Task description
Looking at the listing below, retype exactly the lines starting at the one containing "by rewrite add0r." and ending at the one containing "move: (nuE _", both included, and nothing else.

Provided data
# # # #

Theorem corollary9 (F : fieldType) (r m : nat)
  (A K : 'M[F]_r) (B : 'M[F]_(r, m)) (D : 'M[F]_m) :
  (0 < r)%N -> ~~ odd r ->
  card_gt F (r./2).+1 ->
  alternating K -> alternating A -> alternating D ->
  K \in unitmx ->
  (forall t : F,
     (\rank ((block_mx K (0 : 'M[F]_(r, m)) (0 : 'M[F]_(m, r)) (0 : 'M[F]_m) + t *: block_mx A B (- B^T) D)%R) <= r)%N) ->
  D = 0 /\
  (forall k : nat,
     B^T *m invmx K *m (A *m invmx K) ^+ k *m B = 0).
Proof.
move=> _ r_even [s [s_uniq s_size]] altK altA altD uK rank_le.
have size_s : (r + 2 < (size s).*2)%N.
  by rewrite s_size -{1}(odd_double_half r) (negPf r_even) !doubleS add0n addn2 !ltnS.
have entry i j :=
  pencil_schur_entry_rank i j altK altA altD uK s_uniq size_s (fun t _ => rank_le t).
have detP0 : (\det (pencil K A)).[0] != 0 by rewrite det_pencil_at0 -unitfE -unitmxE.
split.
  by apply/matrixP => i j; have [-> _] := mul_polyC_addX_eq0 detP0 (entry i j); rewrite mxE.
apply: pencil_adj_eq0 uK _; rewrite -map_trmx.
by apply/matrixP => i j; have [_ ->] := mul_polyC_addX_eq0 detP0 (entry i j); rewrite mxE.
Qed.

# # # #

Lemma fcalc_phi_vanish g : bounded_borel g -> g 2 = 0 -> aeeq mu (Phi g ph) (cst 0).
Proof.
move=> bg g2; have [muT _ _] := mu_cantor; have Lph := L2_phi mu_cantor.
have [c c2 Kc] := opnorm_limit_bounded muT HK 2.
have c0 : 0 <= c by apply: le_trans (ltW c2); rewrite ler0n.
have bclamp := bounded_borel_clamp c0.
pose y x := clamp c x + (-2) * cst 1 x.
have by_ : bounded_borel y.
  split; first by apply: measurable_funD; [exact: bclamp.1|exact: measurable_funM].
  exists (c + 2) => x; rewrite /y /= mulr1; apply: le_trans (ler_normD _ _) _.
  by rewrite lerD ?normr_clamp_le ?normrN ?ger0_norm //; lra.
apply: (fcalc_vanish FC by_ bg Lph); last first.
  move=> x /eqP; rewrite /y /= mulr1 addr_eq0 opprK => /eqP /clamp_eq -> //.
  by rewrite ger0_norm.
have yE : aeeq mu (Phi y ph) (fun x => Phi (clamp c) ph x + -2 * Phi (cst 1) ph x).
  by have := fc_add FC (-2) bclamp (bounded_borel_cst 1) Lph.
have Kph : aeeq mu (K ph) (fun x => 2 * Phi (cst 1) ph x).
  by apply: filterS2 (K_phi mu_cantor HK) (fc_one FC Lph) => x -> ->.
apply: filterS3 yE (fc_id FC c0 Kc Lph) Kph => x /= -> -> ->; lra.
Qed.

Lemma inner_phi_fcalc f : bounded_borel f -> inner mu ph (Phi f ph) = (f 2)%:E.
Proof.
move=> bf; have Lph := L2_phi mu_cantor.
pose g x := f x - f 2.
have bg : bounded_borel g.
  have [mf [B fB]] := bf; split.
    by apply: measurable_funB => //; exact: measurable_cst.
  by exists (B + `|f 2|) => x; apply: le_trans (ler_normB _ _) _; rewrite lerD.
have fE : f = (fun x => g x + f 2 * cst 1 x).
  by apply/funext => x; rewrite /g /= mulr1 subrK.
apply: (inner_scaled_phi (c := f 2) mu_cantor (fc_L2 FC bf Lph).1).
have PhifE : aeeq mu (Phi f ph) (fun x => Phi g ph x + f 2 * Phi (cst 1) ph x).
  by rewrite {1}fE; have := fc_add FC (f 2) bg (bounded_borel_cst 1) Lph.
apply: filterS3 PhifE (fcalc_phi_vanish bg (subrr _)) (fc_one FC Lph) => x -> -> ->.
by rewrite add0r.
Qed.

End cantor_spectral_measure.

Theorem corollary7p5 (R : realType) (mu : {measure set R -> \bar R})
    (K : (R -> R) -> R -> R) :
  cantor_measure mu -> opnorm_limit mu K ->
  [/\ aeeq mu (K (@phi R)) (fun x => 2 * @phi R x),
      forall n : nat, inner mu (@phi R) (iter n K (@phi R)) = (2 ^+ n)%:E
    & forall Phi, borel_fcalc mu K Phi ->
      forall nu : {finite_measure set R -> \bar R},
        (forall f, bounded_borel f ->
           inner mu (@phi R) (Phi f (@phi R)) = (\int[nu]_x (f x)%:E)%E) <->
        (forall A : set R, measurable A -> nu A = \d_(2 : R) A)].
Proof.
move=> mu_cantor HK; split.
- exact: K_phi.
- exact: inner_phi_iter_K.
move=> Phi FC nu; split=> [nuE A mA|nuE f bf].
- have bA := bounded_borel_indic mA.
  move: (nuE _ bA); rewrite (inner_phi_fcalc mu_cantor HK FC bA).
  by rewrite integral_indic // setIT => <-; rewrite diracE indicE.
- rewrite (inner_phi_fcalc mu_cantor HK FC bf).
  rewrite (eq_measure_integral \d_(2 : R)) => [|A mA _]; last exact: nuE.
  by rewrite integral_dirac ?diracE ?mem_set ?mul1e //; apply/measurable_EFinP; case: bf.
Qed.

# # # #

Answer area
by rewrite add0r.
Qed.

End cantor_spectral_measure.

Theorem corollary7p5 (R : realType) (mu : {measure set R -> \bar R})
    (K : (R -> R) -> R -> R) :
  cantor_measure mu -> opnorm_limit mu K ->
  [/\ aeeq mu (K (@phi R)) (fun x => 2 * @phi R x),
      forall n : nat, inner mu (@phi R) (iter n K (@phi R)) = (2 ^+ n)%:E
    & forall Phi, borel_fcalc mu K Phi ->
      forall nu : {finite_measure set R -> \bar R},
        (forall f, bounded_borel f ->
           inner mu (@phi R) (Phi f (@phi R)) = (\int[nu]_x (f x)%:E)%E) <->
        (forall A : set R, measurable A -> nu A = \d_(2 : R) A)].
Proof.
move=> mu_cantor HK; split.
- exact: K_phi.
- exact: inner_phi_iter_K.
move=> Phi FC nu; split=> [nuE A mA|nuE f bf].
- have bA := bounded_borel_indic mA.
  move: (nuE _ bA); rewrite (inner_phi_fcalc mu_cantor HK FC bA).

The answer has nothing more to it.